I’ve seen that lack of DNS response be related to IPv6 MTU size limits being set too low or overly strict ICMP block rules. And would contribute to the overall delays in response (or fail to respond altogether).
EDNS can allow UDP packet size up to 4096 bytes.
But sadly it is not properly implemented across the Internet and it has been out since 1999: https://www.ietf.org/rfc/rfc2671.txt
from: https://tools.ietf.org/html/rfc6891
EDNS provides a mechanism to improve the scalability of DNS as its
uses get more diverse on the Internet. It does this by enabling the
use of UDP transport for DNS messages with sizes beyond the limits
specified in RFC 1035 …
So much for that theory … (though us.com does go through CentralNIC first before it hits nsX.whois.com, so maybe the theory about the levels of indirection causing deadlines to be exceeded has merit to it).

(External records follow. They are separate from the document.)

End tail_unions.

Theorem theorem1 (d : measure_display) (T : measurableType d) (R : realType)
  (mu : probability T R) (E : nat -> set T)
  (mE : forall i, measurable (E i))
  (hdiv : (\sum_(0 <= i <oo) mu (E i) = +oo)%E)
  (hqi : exists C : R, 0 < C /\
     forall N : nat, exists Q : nat, (N <= Q)%N /\
       (\sum_(s < Q) \sum_(t < Q) mu (E s `&` E t)
          <= C%:E * ((\sum_(s < Q) mu (E s)) * (\sum_(s < Q) mu (E s))))%E)
  (hM1 : forall delta : R, 0 < delta -> forall q1 q2 : nat, (q1 < q2)%N ->
     exists i0 : nat, forall i : nat, (i0 <= i)%N ->
       let A := \bigcup_(j in [set j : nat | (q1 <= j <= q2)%N]) E j in
       (mu (A `&` E i) <= (1 + delta)%:E * mu A * mu (E i))%E) :
  mu (lim_sup_set E) = 1%E.
Proof.
have [C [C_gt0 hQ]] := hqi.
have mT := measurable_tail E mE.
have tail_one : (fun n => mu (tail E n)) = cst 1%E.
  by apply: funext => n; rewrite (prE _ _ (mT n)) (pr_tail _ _ mE hdiv _ C_gt0 hQ hM1).
have := lim_sup_set_cvg mu E mE (le_lt_trans (probability_le1 mu (mT 0)) (ltry 1)).
by rewrite tail_one => /cvg_lim <-//; exact: lim_cst.
Qed.
(* A function on the compact space A^Z is continuous iff its oscillation over
   the cylinders x_{-n}^n = y_{-n}^n tends to 0: cylinders form a
   neighbourhood base, and conversely continuity is uniform by compactness.
   Under DIMA, W(., u) varies little on long cylinders, uniformly over the
   local effects 0 <= u <= 1 of a fixed B^[n, n+k].  Every local b is a fixed
   linear combination of such effects: b = s1 + i s2 with s1, s2 self-adjoint,
   and s = (u - 1/2)/t for the effect u = 1/2 + t s once ||t s|| <= 1/4.  A
   general b is a norm limit of local elements and states are bounded
   (|phi b| <= 2 ||b||), so continuity passes to the limit.  Both the bound on
   states and the positivity of 1/2 +- t s rest on one fact: if x is
   self-adjoint with ||x|| <= 3/4, then 1 - x = (1 - l)^* (1 - l), where l is
   the limit of the contraction y |-> (x + y^2)/2 iterated from 0. *)

Section ComplexModulus.
Context {R : realType}.
Implicit Types z w : Cx R.

Lemma cabsE z : ((cabs z)%:C)%C = `|z|.
Proof. by []. Qed.

Lemma cabs_ge0 z : 0 <= cabs z.
Proof. by rewrite -lecR cabsE normr_ge0. Qed.

Lemma cabs0 : cabs (0 : Cx R) = 0.
Proof. exact: Normc.normc0. Qed.

Lemma cabs1 : cabs (1 : Cx R) = 1.
Proof. exact: Normc.normc1. Qed.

Let’s try this experiment: Can you take a sampling of your domains that have failed, and submit them every five minutes against unboundtest.com and see if you get consistent success vs intermittent failures? It should be possible to script this with curl.
No API reference, I’m afraid (it’s not really robust enough to be an API, but decent enough for this one-off test). Simulating the form submit should be fine.
DNSSPY.io shows:
All IPv6 nameservers are hosted by the same provider (AS16509 - AMAZON-02 - Amazon.com, Inc., US). Consider spreading the nameservers across multiple DNS providers for increased redundancy.
I ran my own Unbound-based test for an hour at 1m intervals across those domains, with a fresh libunbound instance every interval, and didn’t get any resolver errors.
Edit: 24h later, no SERVFAILs and no slow queries apart from a weird spike that happened one time, and could have easily been a local condition:
I also had a persistent false CAA failure for mx2.slxh.nl (again). The failure disappeared after I requested the cert from another machine, after which requesting a cert from the original machine also worked.
Maybe rare failures are cached somehow?
Edit: same for a large set of other .slxh.nl domains: works from one host, not from another.